◆ **Given information**
(* Let $\mathbf A$ be a finite subdirectly irreducible cBCK-algebra that is not a chain. Then the smallest set generating $\mathbf A$ is $\mathrm{m}(\mathbf A)$ (i.e., $\mathrm{m}(\mathbf A)$ generates $\mathbf A$) if and only if $\mathcal S_\delta(\mathbf A)=\emptyset$.
   Context: A BCK-algebra is an algebra $(A,\ominus,0)$ of type $(2,0)$ satisfying $((x\ominus y)\ominus(x\ominus z))\ominus(z\ominus y)=0$, $x\ominus 0=x$, $0\ominus x=0$, and ($x\ominus y=0$ and $y\ominus x=0$ imply $x=y$); it is ordered by $x\le y$ iff $x\ominus y=0$. A cBCK-algebra is a BCK-algebra satisfying $x\ominus(x\ominus y)=y\ominus(y\ominus x)$; its order is a meet-semilattice with $x\wedge y=x\ominus(x\ominus y)$. Finite subdirectly irreducible cBCK-algebras are, as posets, rooted trees with root $0$. For $a\in A$, $\mathrm{h}(a)=|[0,a]|-1$; $n=\mathrm{h}(\mathbf A)$ is the maximum height. $\mathrm{m}(\mathbf A)$ is the set of maximal elements. For $k$ a divisor of $n$ with $k\ne 1,n$, put $A_k=\{x\in A\mid k \text{ divides } \mathrm{h}(x)\}$; $\mathcal S_\delta(\mathbf A)$ is the set of subalgebras of $\mathbf A$ whose universe is of the form $A_k\cup\mathrm{m}(\mathbf A)$ for such a $k$. *)

From mathcomp Require Import all_boot.
Set Implicit Arguments. Unset Strict Implicit. Unset Printing Implicit Defensive.

Section BCK.
Variables (T : finType) (sub : T -> T -> T) (z : T).

Definition is_BCK : Prop :=
  [/\ (forall x y w, sub (sub (sub x y) (sub x w)) (sub w y) = z),
      (forall x, sub x z = x),
      (forall x, sub z x = z) &
      (forall x y, sub x y = z -> sub y x = z -> x = y)].

Definition is_cBCK : Prop :=
  is_BCK /\ forall x y, sub x (sub x y) = sub y (sub y x).

Definition bck_le (x y : T) : bool := sub x y == z.

(* congruences of the algebra (0 is a constant, so compatibility with 0 is trivial) *)
Definition is_congruence (theta : T -> T -> Prop) : Prop :=
  [/\ (forall x, theta x x),
      (forall x y, theta x y -> theta y x),
      (forall x y w, theta x y -> theta y w -> theta x w) &
      (forall x x' y y', theta x x' -> theta y y' -> theta (sub x y) (sub x' y'))].

Definition nontrivial_rel (theta : T -> T -> Prop) : Prop :=
  exists x y, x <> y /\ theta x y.

(* subdirectly irreducible: the intersection of all congruences different from
   the identity congruence is itself different from the identity congruence *)
Definition subdirectly_irreducible : Prop :=
  exists a b : T, a <> b /\
    forall theta, is_congruence theta -> nontrivial_rel theta -> theta a b.

Definition is_chain : Prop := forall x y, bck_le x y \/ bck_le y x.

Definition max_elems : {set T} :=
  [set x | [forall y, bck_le x y ==> (y == x)]].

Definition height (a : T) : nat := #|[set y | bck_le z y && bck_le y a]|.-1.

Definition alg_height : nat := \max_(a : T) height a.

Definition subuniverse (X : {set T}) : Prop :=
  z \in X /\ forall x y, x \in X -> y \in X -> sub x y \in X.

Definition generates (X : {set T}) : Prop :=
  forall Y : {set T}, subuniverse Y -> X \subset Y -> Y = [set: T].

Definition A_k (k : nat) : {set T} := [set x | k %| height x].

Definition in_S_delta (X : {set T}) : Prop :=
  exists k : nat, [/\ k %| alg_height, k <> 1, k <> alg_height,
                      X = A_k k :|: max_elems & subuniverse X].

Definition S_delta_empty : Prop := forall X : {set T}, ~ in_S_delta X.
End BCK.

(* In a subdirectly irreducible cBCK-algebra the meet of two nonzero elements
   is nonzero, since the monolith lies in every nonzero polar.  Hence in the
   finite case every downset is a chain, and h(x ⊖ t) + h(t) = h(x) for t ≤ x.
   If Y is a proper subalgebra containing m(A) and e is a nonzero element of Y
   of least height, then e lies below every nonzero element of Y, and walking
   down in steps of e shows Y = A_h(e) ∪ m(A); here h(e) ≠ 1 as Y is proper,
   and h(e) ≠ n since h(e) divides h(a ⊖ b) ∈ (0, n) for distinct maximal
   a, b.  Conversely, if m(A) generates A then a subalgebra A_k ∪ m(A) is all
   of A, so it contains the non-maximal atom below a ∧ b, forcing k = 1. *)

From Pilot Require Import Defs.
From mathcomp Require Import all_boot zify.
Set Implicit Arguments. Unset Strict Implicit. Unset Printing Implicit Defensive.

Lemma dvdn_eq_ltn_add d m n : d %| m -> d %| n -> m <= n -> n < m + d -> m = n.
Proof.
move=> dm dn mn nmd; have := dvdn_sub dn dm.
by case: (posnP (n - m)) => [|pos /(dvdn_leq pos)]; lia.
Qed.

Section BCKAlgebra.
Variables (T : finType) (sub : T -> T -> T) (z : T).
Hypothesis bckA : is_BCK sub z.
Local Notation "x ⊖ y" := (sub x y) (at level 50, left associativity).
Local Notation "x ≼ y" := (x ⊖ y = z) (at level 70).
Local Notation height := (height sub z).

Lemma le_subsub x y w : (x ⊖ y) ⊖ (x ⊖ w) ≼ w ⊖ y.
Proof. by case: bckA. Qed.

Lemma subx0 x : x ⊖ z = x.
Proof. by case: bckA. Qed.

Lemma le0x x : z ≼ x.
Proof. by case: bckA. Qed.

Lemma le_anti x y : x ≼ y -> y ≼ x -> x = y.
Proof. by case: bckA => _ _ _; apply. Qed.

Lemma lexx x : x ≼ x.
Proof. by have := le_subsub x z z; rewrite !subx0. Qed.

Lemma le_trans x y w : x ≼ y -> y ≼ w -> x ≼ w.
Proof. by move=> xy yw; have := le_subsub x w y; rewrite xy yw !subx0. Qed.

Lemma le_subl x y : x ⊖ y ≼ x.
Proof. by have := le_subsub x y z; rewrite subx0 le0x subx0. Qed.

Lemma le_sub2l x y w : y ≼ w -> x ⊖ w ≼ x ⊖ y.
Proof. by move=> yw; have := le_subsub x w y; rewrite yw subx0. Qed.

Lemma le_sub2r x y w : x ≼ y -> x ⊖ w ≼ y ⊖ w.
Proof. by move=> xy; have := le_subsub x w y; rewrite xy subx0. Qed.

Lemma subAC x y w : (x ⊖ y) ⊖ w = (x ⊖ w) ⊖ y.
Proof.
have le_AC x' y' w' : (x' ⊖ y') ⊖ w' ≼ (x' ⊖ w') ⊖ y'.
  apply: le_trans (le_subsub x' y' (x' ⊖ w')); apply: le_sub2l.
  by have := le_subsub x' z w'; rewrite !subx0.
by apply: le_anti; apply: le_AC.
Qed.

Definition ideal (I : {set T}) :=
  z \in I /\ forall x y, x ⊖ y \in I -> y \in I -> x \in I.

Lemma ideal_le I x y : ideal I -> x ≼ y -> y \in I -> x \in I.
Proof. by case=> I0 Icl xy; apply: Icl; rewrite xy. Qed.

Lemma ideal_sub_trans I x y w : ideal I -> x ⊖ y \in I -> y ⊖ w \in I -> x ⊖ w \in I.
Proof.
move=> idI xy yw; apply: idI.2 xy; apply: ideal_le idI _ yw; exact: le_subsub.
Qed.

Definition ideal_rel (I : {set T}) x y := x ⊖ y \in I /\ y ⊖ x \in I.

Lemma ideal_rel_congruence I : ideal I -> is_congruence sub (ideal_rel I).
Proof.
move=> idI; have I0 := idI.1.
have sub_compat x x' y y' : x ⊖ x' \in I -> y' ⊖ y \in I -> (x ⊖ y) ⊖ (x' ⊖ y') \in I.
  move=> xx' y'y; apply: (@ideal_sub_trans _ _ (x' ⊖ y)) => //.
    by apply: ideal_le idI _ xx'; rewrite subAC le_subsub.
  by apply: ideal_le idI _ y'y; apply: le_subsub.
split.
- by move=> x; rewrite /ideal_rel lexx.
- by move=> x y [].
- move=> x y w [xy yx] [yw wy].
  by split; [exact: ideal_sub_trans idI xy yw | exact: ideal_sub_trans idI wy yx].
- by move=> x x' y y' [xx' x'x] [yy' y'y]; split; apply: sub_compat.
Qed.

Lemma ideal_monolith : subdirectly_irreducible sub ->
  exists2 r, r <> z & forall I, ideal I -> (exists2 e, e \in I & e <> z) -> r \in I.
Proof.
case=> a [b [ab si]].
exists (if a ⊖ b == z then b ⊖ a else a ⊖ b).
  by case: eqP => [abz baz | //]; apply: ab; apply: le_anti.
move=> I idI [e eI e0].
have [abI baI] : ideal_rel I a b.
  apply: si; first exact: ideal_rel_congruence.
  by exists e, z; split=> //; split; rewrite ?subx0 ?le0x //; case: idI.
by case: eqP.
Qed.

Definition downset x := [set y | y ⊖ x == z].

Lemma heightE x : height x = #|downset x|.-1.
Proof.
by rewrite /Defs.height; congr _.-1; apply: eq_card => y; rewrite !inE /bck_le le0x eqxx.
Qed.

Lemma card_downset_gt0 x : 0 < #|downset x|.
Proof. by apply/card_gt0P; exists z; rewrite inE le0x. Qed.

Lemma height_lt x y : x ≼ y -> x <> y -> height x < height y.
Proof.
move=> xy x_y; rewrite !heightE.
suff : #|downset x| < #|downset y| by have := card_downset_gt0 x; lia.
apply: proper_card; apply/properP; split.
  by apply/subsetP=> s; rewrite !inE => /eqP sx; apply/eqP; apply: le_trans sx xy.
by exists y; rewrite inE ?lexx //; apply/eqP=> yx; apply: x_y; apply: le_anti.
Qed.

Lemma height_le x y : x ≼ y -> height x <= height y.
Proof.
move=> xy; have [->//|/eqP x_y] := eqVneq x y.
exact/ltnW/(height_lt xy x_y).
Qed.

Lemma le_height_eq x y : x ≼ y -> height x = height y -> x = y.
Proof.
move=> xy hxy; have [//|/eqP x_y] := eqVneq x y.
by have := height_lt xy x_y; rewrite hxy ltnn.
Qed.

Lemma height0 : height z = 0.
Proof.
rewrite heightE (_ : downset z = [set z]) ?cards1 //.
by apply/setP=> y; rewrite !inE subx0.
Qed.

Lemma height_gt0 x : x <> z -> 0 < height x.
Proof. by move=> x0; rewrite -height0 height_lt ?le0x //; move/esym. Qed.

Lemma max_elemsP x : reflect (forall y, x ≼ y -> y = x) (x \in max_elems sub z).
Proof.
rewrite inE; apply: (iffP forallP) => [xmax y xy | xmax y].
  by have /implyP/(_ _)/eqP := xmax y; apply; apply/eqP.
by apply/implyP=> /eqP/xmax ->.
Qed.

Lemma height_max_elems a :
  (forall y, a ≼ y -> height y <= height a) -> a \in max_elems sub z.
Proof.
move=> amax; apply/max_elemsP=> y ay; apply/esym/(le_height_eq ay)/eqP.
by rewrite eqn_leq height_le ?amax.
Qed.

Lemma exists_max_ge x : exists2 a, a \in max_elems sub z & x ≼ a.
Proof.
have xx : x \in [pred v | x ⊖ v == z] by rewrite inE lexx.
case: (arg_maxnP height xx) => a /eqP xa amax; exists a => //.
by apply: height_max_elems => y ay; apply: amax; apply/eqP/(le_trans xa ay).
Qed.

Lemma exists_max_height : exists2 a, a \in max_elems sub z & height a = alg_height sub z.
Proof.
have [a _ amax] := arg_maxnP height (isT : predT z).
exists a; first by apply: height_max_elems => y _; apply: amax.
apply/eqP; rewrite eqn_leq /alg_height leq_bigmax /=.
by apply/bigmax_leqP=> i _; apply: amax.
Qed.

Definition lower_cover c x :=
  [/\ c ≼ x, x <> c & forall v, c ≼ v -> v ≼ x -> v = c \/ v = x].
Local Notation atom t := (lower_cover z t).

Lemma exists_lower_cover s x : s ≼ x -> s <> x -> exists2 c, lower_cover c x & s ≼ c.
Proof.
move=> sx s_x.
have sP : s \in [pred v | [&& s ⊖ v == z, v ⊖ x == z & x != v]].
  by rewrite inE lexx sx eqxx; apply/eqP=> /esym.
case: (arg_maxnP height sP) => c /and3P[/eqP sc /eqP cx /eqP c_x] cmax.
exists c => //; split=> // v cv vx.
have [->|/eqP x_v] := eqVneq x v; [by right | left].
apply/esym/(le_height_eq cv)/eqP; rewrite eqn_leq height_le //=; apply: cmax.
by rewrite /= (le_trans sc cv) vx !eqxx; apply/eqP.
Qed.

◆ **Task to carry out**
Look above for the line holding "exists k : nat, [/\", then set down exactly that line and every line after it up to and including the line holding "finite case every", with nothing else.

◆ **Your response**
  exists k : nat, [/\ k %| alg_height, k <> 1, k <> alg_height,
                      X = A_k k :|: max_elems & subuniverse X].

Definition S_delta_empty : Prop := forall X : {set T}, ~ in_S_delta X.
End BCK.

(* In a subdirectly irreducible cBCK-algebra the meet of two nonzero elements
   is nonzero, since the monolith lies in every nonzero polar.  Hence in the
   finite case every downset is a chain, and h(x ⊖ t) + h(t) = h(x) for t ≤ x.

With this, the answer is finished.